Additionally, high-quality PNG images are generated for frame vs. MM energy, frame vs. QM energy, frame vs. QM/MM comparison, and linear regression of QM versus MM interaction energies. The final directory will contain:

QM_analysis/
├── center.xtc
├── coul_lj_sr.xvg
├── final_energies.csv
├── plot_MM_interaction.png
├── plot_QM_interaction.png
├── plot_QM_MM_overlay.png
├── plot_regression.png
└── QM_FRAMES_CAPPED/

All outputs produced in this advanced workflow are available in the output_examples directory in the auxiliary repository


✏️ Design Philosophy

gmx_ISA was built to bridge the gap between raw molecular dynamics trajectories and actionable scientific insight. The development is guided by four core principles designed to help researchers in computational chemistry.

1. Automation First

I believe researchers should spend their time interpreting data, not wrestling with repetitive command-line flags.

  • Goal: Reduce the time from "simulation finished" to "publication-ready plot".
  • Implementation: The tool automates GROMACS workflows (like RMSD, RMSF, H-Bonds, and Energy calculations) into single-flag operations, ensuring consistency across different projects.

2. Bridging Classical and Quantum Worlds (QM/MM)

Modern computational chemistry often requires validating force-field approximations with quantum mechanical data. gmx_ISA democratizes access to hybrid workflows.
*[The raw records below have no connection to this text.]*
Lemma frame_tnsB l f f' :
  frame_dom m f -> frame_dom m f' -> frame_tns (f - l *: f') = frame_tns f - l *: frame_tns f'.
Proof.
move=> hf hf'; have hlf' := frame_domZ (- l) hf'.
by rewrite -(scaleNr l f') frame_tnsD ?frame_tnsZ // scaleNr.
Qed.

Lemma frame_tns_lmul g f : inB g -> frame_dom m f -> frame_tns (lmul g f) = lT TT g (frame_tns f).
Proof.
move=> hg hf; rewrite /frame_tns lTD lTN lTZ.
by rewrite !lT_tns ?lmul_rmul //; frame_side.
Qed.

Lemma frame_tns_rmul_tns w x : inO1 w -> deg (- m) x -> frame_tns (rmul w x) = w ox e x.
Proof.
move=> hw hx; rewrite /frame_tns !rmulA !tns_bal //; try frame_side.
rewrite !cf_spinor_lmul -tnsZr -?tnsBr //; try frame_side.
by rewrite -cf_spinorB -!mulrA scalerAr -mulrBr cf_unit mulr1.
Qed.

(* Insert [1 = u1 v1 - k u2 v2] between [f] and [g]: each of the two resulting
   terms is a tensor by [frame_tns_rmul_tns], across which [g] can be moved. *)
Lemma frame_tns_rmul g f : inB g -> frame_dom m f -> frame_tns (rmul f g) = rT TT (frame_tns f) g.
Proof.
move=> hg hf; have [hf1 hf2] := hf.
have -> : rmul f g = rmul (rmul f u1) (v1 * g) - k *: rmul (rmul f u2) (v2 * g).
  by rewrite !rmulA !mulrA -rmulBr scalerAl -mulrBl cf_unit mul1r.
rewrite frame_tnsB ?frame_tns_rmul_tns; try frame_side.
by rewrite /frame_tns rTD rTN rTZ !rT_tns ?cf_spinor_rmul //; frame_side.
Qed.

Lemma frame_tns_clifford alpha beta cl f : is_clifford TT alpha beta cl -> frame_dom m f ->
  cl (frame_tns f) = (alpha *: (f.1 * (e 1).2), beta *: (f.2 * (e 1).1)).
Proof.
case=> clD [clZ clT] hf.
have clB l t t' : cl (t - l *: t') = cl t - l *: cl t'.
  by rewrite clD -scaleNr clZ scaleNr.
rewrite /frame_tns clB !clT; try frame_side.
rewrite -(cf_unit F) cf_spinorB -!cf_spinor_lmul /=.
by rewrite pairBZ /=; congr (_, _);
  rewrite mulrBr -scalerAr !mulrA scalerBr !scalerA [k * _]mulrC.
Qed.

End Frame.

(* The factors [q^(+-1)] come from moving [e^+-] past [a, c] resp. [d, b]. *)
Definition conn_map (f1 f2 : A * A) : T :=
  q *: frame_tns plus_coframe f1 + q^-1 *: frame_tns minus_coframe f2.

Lemma conn_mapD f1 f2 f1' f2' : conn_dom f1 f2 -> conn_dom f1' f2' ->
  conn_map (f1 + f1') (f2 + f2') = conn_map f1 f2 + conn_map f1' f2'.
Proof.
by move=> [h1 h2] [h1' h2']; rewrite /conn_map !frame_tnsD // !scalerDr addrACA.
Qed.

Lemma conn_mapZ l f1 f2 : conn_dom f1 f2 ->
  conn_map (l *: f1) (l *: f2) = l *: conn_map f1 f2.
Proof.
move=> [h1 h2]; rewrite /conn_map !frame_tnsZ //.
by rewrite [in RHS]scalerDr !scalerA [q * l]mulrC [q^-1 * l]mulrC.
Qed.

Lemma conn_map_lmul g f1 f2 : inB g -> conn_dom f1 f2 ->
  conn_map (lmul g f1) (lmul g f2) = lT TT g (conn_map f1 f2).
Proof. by move=> hg [h1 h2]; rewrite /conn_map !frame_tns_lmul // [RHS]lTD !lTZ. Qed.

Lemma conn_map_rmul g f1 f2 : inB g -> conn_dom f1 f2 ->
  conn_map (rmul f1 g) (rmul f2 g) = rT TT (conn_map f1 f2) g.
Proof. by move=> hg [h1 h2]; rewrite /conn_map !frame_tns_rmul // [RHS]rTD !rTZ. Qed.

Lemma conn_map_tns w x y : q != 0 -> inO1 w -> inS (x, y) ->
  conn_map (q^-1 *: rmul w x) (q *: rmul w y) = w ox (x, y).
Proof.
move=> hq hw [/= hx hy]; have [hw1 hw2] := hw.
rewrite /conn_map !frame_tnsZ ?frame_tns_rmul_tns //; try by rewrite /frame_dom /rmul /=; split; deg_tac.
rewrite !scalerA mulfV ?mulVf // !scale1r -tnsDr //; try by graded.
by rewrite pairD /= addr0 add0r.
Qed.

Lemma conn_map_clifford alpha beta cl f1 f2 : is_clifford TT alpha beta cl -> conn_dom f1 f2 ->
  cl (conn_map f1 f2) = (alpha * q^-1 *: f2.1, beta * q *: f1.2).
Proof.
move=> hcl [h1 h2]; have [clD [clZ _]] := hcl.
rewrite /conn_map clD !clZ !(frame_tns_clifford _ hcl) //= pairD !pairZ /=.
by rewrite !mulr0 !mulr1 !scaler0 add0r addr0 !scalerA [q^-1 * _]mulrC [q * _]mulrC.
Qed.

Lemma conn_mapE f1 f2 : conn_dom f1 f2 ->
  rmulh q f1 1 a ox (d, 0) - q^-1 *: (rmulh q f1 1 c ox (b, 0))
  + rmulh q f2 (-1) d ox (0, a) - q *: (rmulh q f2 (-1) b ox (0, c)) = conn_map f1 f2.
Proof.
move=> [[h1 h2] [h3 h4]].
rewrite !rmulhE !tnsZl ?expr1z ?exprN1; try by graded.
rewrite /conn_map /frame_tns /= !scalerBr !scalerA [q * q^-1]mulrC.
by rewrite addrA.
Qed.

Lemma nablaS_conn_map s : inS s -> nablaS TT s = conn_map (pid X s.1) (pid X s.2).
Proof. by move=> hs; apply: conn_mapE; apply: conn_dom_pid. Qed.

Lemma sigmaS_conn_map s w : inS s -> inO1 w -> sigmaS TT s w = conn_map (lmul s.1 w) (lmul s.2 w).
Proof. by move=> hs hw; apply: conn_mapE; apply: conn_dom_lmul. Qed.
  • xTB Integration: Priority in the integration of semi-empirical methods (GFN2-xTB) directly into the end-state MD pipeline. This allows users to seamlessly transition from classical trajectories to quantum property calculations.
  • Smart Extraction & Capping: Preparing a system for QM should not be a complete manual burden. The software features intelligent algorithms to extract specific regions (QM clusters) and automatically cap broken peptide bonds. This ensures that truncated protein segments remain chemically valid and stable during SCF convergence, without requiring manual editing of PDB files.

3. Modular Architecture

The software acts as a robust "hub" rather than a monolithic block.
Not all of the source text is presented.